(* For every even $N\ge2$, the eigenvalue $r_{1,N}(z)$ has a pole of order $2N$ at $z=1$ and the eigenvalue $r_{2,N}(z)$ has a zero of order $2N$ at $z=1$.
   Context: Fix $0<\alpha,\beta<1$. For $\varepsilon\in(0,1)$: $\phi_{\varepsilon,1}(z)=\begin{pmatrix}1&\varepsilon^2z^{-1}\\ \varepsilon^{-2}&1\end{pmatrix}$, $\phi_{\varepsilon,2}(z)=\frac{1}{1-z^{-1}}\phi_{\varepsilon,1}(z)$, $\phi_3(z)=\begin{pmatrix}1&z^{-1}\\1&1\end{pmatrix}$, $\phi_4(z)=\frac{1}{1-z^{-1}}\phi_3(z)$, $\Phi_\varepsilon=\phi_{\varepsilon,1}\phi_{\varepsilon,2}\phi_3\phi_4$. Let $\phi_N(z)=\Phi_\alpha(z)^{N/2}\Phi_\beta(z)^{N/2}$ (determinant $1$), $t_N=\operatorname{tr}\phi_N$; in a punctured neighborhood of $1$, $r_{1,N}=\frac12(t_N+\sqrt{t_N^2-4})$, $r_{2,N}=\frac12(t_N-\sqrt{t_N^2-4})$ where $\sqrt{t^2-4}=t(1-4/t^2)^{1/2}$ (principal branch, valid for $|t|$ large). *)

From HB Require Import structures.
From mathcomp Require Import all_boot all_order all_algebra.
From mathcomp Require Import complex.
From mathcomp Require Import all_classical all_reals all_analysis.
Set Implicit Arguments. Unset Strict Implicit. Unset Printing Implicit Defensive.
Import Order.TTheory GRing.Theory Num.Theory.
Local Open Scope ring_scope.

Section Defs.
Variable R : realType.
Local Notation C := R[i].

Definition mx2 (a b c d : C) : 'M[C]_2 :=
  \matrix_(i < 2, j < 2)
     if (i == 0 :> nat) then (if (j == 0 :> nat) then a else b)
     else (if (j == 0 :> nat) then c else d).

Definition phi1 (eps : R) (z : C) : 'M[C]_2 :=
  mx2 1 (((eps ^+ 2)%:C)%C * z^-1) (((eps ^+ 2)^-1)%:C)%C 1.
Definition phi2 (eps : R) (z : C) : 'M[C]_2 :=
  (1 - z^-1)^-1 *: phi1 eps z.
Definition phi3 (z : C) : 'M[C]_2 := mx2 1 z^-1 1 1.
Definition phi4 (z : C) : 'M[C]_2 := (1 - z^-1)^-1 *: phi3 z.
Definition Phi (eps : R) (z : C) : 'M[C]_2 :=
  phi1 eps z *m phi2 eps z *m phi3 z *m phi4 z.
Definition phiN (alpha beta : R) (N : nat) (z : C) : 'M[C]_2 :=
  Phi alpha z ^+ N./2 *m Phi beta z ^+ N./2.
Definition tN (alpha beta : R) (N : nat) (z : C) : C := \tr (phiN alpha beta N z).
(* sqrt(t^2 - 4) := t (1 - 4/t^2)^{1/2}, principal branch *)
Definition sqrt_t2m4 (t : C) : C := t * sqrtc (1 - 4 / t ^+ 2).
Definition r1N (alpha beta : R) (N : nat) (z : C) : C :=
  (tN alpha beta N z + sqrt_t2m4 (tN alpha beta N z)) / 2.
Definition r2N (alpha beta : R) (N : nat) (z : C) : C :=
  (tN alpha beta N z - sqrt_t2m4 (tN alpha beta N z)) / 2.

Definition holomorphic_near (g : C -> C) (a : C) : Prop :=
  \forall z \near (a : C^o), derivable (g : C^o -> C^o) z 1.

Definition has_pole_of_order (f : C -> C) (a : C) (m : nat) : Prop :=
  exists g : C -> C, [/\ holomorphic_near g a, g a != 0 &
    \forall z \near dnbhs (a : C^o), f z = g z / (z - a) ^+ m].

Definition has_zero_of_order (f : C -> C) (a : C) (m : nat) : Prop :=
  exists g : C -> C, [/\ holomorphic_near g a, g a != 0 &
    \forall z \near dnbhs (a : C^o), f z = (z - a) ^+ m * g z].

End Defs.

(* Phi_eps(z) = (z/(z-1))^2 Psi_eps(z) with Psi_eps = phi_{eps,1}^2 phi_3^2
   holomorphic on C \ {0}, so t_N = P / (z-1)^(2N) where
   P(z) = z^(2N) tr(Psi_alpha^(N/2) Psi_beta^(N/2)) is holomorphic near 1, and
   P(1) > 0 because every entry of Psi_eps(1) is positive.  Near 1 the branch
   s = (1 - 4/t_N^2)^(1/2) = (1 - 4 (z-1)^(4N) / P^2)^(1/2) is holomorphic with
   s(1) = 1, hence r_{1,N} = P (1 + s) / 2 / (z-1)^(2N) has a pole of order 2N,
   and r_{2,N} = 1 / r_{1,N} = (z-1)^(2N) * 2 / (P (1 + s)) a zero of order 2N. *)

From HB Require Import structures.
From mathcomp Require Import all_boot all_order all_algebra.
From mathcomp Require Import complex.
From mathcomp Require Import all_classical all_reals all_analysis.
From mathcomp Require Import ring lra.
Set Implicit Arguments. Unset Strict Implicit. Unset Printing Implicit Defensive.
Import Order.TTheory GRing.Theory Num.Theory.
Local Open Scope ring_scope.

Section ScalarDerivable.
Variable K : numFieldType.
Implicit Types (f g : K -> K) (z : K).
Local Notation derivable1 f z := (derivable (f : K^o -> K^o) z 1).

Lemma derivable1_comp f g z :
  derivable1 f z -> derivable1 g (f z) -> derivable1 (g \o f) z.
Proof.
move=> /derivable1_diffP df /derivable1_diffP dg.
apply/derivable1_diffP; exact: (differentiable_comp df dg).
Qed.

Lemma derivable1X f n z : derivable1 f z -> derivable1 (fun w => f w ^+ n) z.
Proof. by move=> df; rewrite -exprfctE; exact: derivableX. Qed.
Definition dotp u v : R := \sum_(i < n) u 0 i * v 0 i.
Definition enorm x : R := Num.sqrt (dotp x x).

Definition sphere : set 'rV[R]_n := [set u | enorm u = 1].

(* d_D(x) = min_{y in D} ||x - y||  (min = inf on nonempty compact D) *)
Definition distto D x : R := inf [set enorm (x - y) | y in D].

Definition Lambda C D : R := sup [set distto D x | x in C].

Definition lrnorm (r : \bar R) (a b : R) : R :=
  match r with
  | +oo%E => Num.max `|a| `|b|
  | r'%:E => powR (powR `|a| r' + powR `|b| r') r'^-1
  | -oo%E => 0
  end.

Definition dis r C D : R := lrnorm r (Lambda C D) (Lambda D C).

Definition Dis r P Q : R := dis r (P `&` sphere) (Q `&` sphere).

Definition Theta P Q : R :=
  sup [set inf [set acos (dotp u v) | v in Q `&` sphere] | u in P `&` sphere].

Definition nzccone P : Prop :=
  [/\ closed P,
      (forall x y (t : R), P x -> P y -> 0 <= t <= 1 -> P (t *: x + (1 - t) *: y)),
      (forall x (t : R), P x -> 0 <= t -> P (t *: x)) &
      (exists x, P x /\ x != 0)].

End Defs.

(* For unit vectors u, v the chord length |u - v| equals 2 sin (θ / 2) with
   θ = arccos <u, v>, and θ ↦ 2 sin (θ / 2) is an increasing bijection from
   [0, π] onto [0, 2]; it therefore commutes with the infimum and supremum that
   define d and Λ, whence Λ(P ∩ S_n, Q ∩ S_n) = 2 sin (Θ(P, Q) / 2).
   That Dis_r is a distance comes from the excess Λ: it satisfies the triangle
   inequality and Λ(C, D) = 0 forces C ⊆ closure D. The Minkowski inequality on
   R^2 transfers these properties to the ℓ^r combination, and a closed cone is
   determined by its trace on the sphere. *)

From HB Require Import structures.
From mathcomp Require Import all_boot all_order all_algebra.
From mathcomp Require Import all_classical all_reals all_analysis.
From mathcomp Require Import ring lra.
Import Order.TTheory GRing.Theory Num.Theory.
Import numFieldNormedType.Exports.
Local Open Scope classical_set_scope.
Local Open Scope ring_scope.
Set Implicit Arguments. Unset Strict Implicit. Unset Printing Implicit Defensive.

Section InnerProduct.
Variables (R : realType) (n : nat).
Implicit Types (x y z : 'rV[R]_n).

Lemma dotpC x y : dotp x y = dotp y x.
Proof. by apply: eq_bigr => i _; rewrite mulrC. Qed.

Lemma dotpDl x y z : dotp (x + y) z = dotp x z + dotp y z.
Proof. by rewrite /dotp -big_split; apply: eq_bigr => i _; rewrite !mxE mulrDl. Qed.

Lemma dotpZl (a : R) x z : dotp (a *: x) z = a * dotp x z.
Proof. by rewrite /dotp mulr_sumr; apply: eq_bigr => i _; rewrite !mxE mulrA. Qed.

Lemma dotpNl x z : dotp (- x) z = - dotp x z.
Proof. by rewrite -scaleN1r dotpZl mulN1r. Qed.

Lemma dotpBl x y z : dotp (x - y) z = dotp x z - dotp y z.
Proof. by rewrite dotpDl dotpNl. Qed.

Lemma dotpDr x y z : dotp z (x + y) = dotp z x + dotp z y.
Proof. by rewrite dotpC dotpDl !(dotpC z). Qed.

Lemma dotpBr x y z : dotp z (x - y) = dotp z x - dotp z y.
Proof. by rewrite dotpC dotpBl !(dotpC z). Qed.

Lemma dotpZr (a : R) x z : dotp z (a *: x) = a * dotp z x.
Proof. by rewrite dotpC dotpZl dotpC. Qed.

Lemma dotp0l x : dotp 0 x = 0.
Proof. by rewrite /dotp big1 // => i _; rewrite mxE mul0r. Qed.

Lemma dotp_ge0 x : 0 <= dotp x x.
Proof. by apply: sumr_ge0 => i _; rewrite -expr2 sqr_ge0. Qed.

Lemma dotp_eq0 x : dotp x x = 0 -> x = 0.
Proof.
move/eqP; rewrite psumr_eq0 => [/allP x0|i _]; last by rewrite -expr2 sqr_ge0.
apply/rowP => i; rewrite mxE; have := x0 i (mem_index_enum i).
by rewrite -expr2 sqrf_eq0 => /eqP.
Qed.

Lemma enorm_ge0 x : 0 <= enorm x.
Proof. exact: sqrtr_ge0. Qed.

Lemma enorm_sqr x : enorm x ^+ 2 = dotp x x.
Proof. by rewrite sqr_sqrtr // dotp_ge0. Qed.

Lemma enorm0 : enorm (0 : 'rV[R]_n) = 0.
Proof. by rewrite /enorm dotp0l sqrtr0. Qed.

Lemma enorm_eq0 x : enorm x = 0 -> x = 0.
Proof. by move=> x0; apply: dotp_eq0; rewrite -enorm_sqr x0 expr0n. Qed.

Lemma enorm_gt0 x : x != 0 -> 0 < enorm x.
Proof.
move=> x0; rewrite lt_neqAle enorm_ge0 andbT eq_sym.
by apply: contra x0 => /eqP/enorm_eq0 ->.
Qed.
§
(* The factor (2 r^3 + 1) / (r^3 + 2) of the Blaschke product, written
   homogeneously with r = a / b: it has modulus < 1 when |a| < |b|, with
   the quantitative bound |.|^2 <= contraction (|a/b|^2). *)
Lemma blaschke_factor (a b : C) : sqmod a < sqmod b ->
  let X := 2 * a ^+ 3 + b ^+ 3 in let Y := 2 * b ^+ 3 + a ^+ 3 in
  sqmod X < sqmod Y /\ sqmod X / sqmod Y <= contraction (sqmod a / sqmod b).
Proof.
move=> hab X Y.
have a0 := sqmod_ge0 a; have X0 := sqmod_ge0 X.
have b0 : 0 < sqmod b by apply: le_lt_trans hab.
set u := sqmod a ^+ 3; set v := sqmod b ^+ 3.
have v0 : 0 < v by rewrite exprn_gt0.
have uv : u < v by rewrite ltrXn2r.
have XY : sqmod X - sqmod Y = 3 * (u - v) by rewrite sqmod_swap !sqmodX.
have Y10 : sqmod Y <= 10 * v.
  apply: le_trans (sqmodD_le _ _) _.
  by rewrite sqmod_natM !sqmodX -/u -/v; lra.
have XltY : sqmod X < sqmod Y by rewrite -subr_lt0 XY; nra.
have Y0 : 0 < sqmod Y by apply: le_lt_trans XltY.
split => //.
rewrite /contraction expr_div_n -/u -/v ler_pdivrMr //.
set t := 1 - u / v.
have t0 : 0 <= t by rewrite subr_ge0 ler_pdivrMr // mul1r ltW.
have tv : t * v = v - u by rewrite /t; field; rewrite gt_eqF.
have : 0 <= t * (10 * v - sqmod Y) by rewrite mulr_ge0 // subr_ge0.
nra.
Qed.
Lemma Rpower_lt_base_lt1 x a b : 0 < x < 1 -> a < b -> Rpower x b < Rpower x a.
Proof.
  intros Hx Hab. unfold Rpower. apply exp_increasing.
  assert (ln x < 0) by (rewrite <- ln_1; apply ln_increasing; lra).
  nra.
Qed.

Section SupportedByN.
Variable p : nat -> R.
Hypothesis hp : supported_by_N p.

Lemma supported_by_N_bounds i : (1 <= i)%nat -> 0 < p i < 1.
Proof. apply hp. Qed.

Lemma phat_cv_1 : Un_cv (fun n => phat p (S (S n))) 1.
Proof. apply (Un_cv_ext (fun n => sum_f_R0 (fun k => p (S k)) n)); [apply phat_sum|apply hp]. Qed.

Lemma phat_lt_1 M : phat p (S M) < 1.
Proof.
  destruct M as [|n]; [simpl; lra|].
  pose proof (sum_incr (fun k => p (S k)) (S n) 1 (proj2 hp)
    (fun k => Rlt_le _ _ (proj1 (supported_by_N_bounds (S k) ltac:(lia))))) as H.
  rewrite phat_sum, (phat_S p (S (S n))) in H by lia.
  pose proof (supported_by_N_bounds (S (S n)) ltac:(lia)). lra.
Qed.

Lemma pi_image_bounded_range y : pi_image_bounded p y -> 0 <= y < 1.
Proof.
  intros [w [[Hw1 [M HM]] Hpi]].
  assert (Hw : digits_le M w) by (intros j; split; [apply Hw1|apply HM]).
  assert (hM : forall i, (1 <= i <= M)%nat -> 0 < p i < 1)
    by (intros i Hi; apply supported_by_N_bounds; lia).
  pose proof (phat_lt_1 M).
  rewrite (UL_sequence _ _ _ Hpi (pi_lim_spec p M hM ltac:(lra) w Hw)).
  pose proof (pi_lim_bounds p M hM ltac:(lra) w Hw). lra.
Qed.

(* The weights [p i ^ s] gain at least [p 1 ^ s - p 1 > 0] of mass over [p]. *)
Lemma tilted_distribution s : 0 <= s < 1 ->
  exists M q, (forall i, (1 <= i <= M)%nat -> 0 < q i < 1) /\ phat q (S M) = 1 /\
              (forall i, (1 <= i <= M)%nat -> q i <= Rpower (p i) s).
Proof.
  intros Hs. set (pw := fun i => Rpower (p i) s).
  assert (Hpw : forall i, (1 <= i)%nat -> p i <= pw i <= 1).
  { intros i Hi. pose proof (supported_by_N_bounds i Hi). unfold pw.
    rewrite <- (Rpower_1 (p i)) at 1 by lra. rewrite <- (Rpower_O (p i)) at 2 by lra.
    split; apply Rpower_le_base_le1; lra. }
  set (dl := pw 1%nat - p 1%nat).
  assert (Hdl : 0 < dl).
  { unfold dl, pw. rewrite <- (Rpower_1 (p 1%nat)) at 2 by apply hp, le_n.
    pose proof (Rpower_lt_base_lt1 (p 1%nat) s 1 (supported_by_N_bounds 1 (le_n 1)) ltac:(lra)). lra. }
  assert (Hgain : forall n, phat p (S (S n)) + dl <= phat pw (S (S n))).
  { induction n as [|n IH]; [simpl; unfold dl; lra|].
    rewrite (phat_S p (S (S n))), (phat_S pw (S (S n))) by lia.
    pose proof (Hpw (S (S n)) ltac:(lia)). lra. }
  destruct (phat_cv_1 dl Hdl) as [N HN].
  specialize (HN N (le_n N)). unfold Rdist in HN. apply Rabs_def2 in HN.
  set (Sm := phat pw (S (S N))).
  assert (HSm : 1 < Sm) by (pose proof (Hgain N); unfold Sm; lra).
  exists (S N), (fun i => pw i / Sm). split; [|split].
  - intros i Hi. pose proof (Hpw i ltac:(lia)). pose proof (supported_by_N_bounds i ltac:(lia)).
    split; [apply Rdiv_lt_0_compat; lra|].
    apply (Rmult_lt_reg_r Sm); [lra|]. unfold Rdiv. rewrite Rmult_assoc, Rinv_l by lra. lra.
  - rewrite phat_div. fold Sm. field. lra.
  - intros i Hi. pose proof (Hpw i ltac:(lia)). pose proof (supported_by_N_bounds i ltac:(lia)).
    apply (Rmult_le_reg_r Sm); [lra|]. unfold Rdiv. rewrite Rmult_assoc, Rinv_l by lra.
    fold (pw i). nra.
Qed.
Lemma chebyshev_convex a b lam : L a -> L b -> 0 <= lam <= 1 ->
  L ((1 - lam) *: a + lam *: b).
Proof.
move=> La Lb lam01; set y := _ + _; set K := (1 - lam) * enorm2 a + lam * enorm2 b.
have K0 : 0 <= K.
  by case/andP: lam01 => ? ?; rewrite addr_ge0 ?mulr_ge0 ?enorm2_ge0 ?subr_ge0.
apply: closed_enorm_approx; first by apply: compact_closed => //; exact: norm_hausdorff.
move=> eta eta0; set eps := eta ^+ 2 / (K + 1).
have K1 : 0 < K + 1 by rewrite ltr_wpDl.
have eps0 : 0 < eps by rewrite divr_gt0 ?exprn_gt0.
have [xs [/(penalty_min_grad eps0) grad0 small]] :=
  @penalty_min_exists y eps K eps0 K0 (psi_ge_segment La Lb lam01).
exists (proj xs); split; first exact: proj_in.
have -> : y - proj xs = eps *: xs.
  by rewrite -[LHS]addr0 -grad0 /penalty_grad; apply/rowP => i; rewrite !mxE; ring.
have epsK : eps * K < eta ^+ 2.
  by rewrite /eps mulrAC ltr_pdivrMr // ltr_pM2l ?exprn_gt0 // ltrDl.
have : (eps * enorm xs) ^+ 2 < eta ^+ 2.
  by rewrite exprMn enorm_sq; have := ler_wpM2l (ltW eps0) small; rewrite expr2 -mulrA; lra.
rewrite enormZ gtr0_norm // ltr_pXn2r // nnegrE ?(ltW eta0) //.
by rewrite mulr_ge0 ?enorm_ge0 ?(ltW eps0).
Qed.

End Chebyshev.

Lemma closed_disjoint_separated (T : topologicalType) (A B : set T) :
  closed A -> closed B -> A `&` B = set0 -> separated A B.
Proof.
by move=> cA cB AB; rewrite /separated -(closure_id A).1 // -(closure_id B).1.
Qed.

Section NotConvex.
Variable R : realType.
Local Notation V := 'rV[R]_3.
§
- **TASK DESCRIPTION**:
Could you repeat exactly the lines in the listing above from the one with "split; [apply Rdiv_lt_0_compat; lra|]." down to the one with "Local Notation V := 'rV[R]_3."? Include both of those lines.

- **TASK RESULT**:
    split; [apply Rdiv_lt_0_compat; lra|].
    apply (Rmult_lt_reg_r Sm); [lra|]. unfold Rdiv. rewrite Rmult_assoc, Rinv_l by lra. lra.
  - rewrite phat_div. fold Sm. field. lra.
  - intros i Hi. pose proof (Hpw i ltac:(lia)). pose proof (supported_by_N_bounds i ltac:(lia)).
    apply (Rmult_le_reg_r Sm); [lra|]. unfold Rdiv. rewrite Rmult_assoc, Rinv_l by lra.
    fold (pw i). nra.
Qed.
Lemma chebyshev_convex a b lam : L a -> L b -> 0 <= lam <= 1 ->
  L ((1 - lam) *: a + lam *: b).
Proof.
move=> La Lb lam01; set y := _ + _; set K := (1 - lam) * enorm2 a + lam * enorm2 b.
have K0 : 0 <= K.
  by case/andP: lam01 => ? ?; rewrite addr_ge0 ?mulr_ge0 ?enorm2_ge0 ?subr_ge0.
apply: closed_enorm_approx; first by apply: compact_closed => //; exact: norm_hausdorff.
move=> eta eta0; set eps := eta ^+ 2 / (K + 1).
have K1 : 0 < K + 1 by rewrite ltr_wpDl.
have eps0 : 0 < eps by rewrite divr_gt0 ?exprn_gt0.
have [xs [/(penalty_min_grad eps0) grad0 small]] :=
  @penalty_min_exists y eps K eps0 K0 (psi_ge_segment La Lb lam01).
exists (proj xs); split; first exact: proj_in.
have -> : y - proj xs = eps *: xs.
  by rewrite -[LHS]addr0 -grad0 /penalty_grad; apply/rowP => i; rewrite !mxE; ring.
have epsK : eps * K < eta ^+ 2.
  by rewrite /eps mulrAC ltr_pdivrMr // ltr_pM2l ?exprn_gt0 // ltrDl.
have : (eps * enorm xs) ^+ 2 < eta ^+ 2.
  by rewrite exprMn enorm_sq; have := ler_wpM2l (ltW eps0) small; rewrite expr2 -mulrA; lra.
rewrite enormZ gtr0_norm // ltr_pXn2r // nnegrE ?(ltW eta0) //.
by rewrite mulr_ge0 ?enorm_ge0 ?(ltW eps0).
Qed.

End Chebyshev.

Lemma closed_disjoint_separated (T : topologicalType) (A B : set T) :
  closed A -> closed B -> A `&` B = set0 -> separated A B.
Proof.
by move=> cA cB AB; rewrite /separated -(closure_id A).1 // -(closure_id B).1.
Qed.

Section NotConvex.
Variable R : realType.
Local Notation V := 'rV[R]_3.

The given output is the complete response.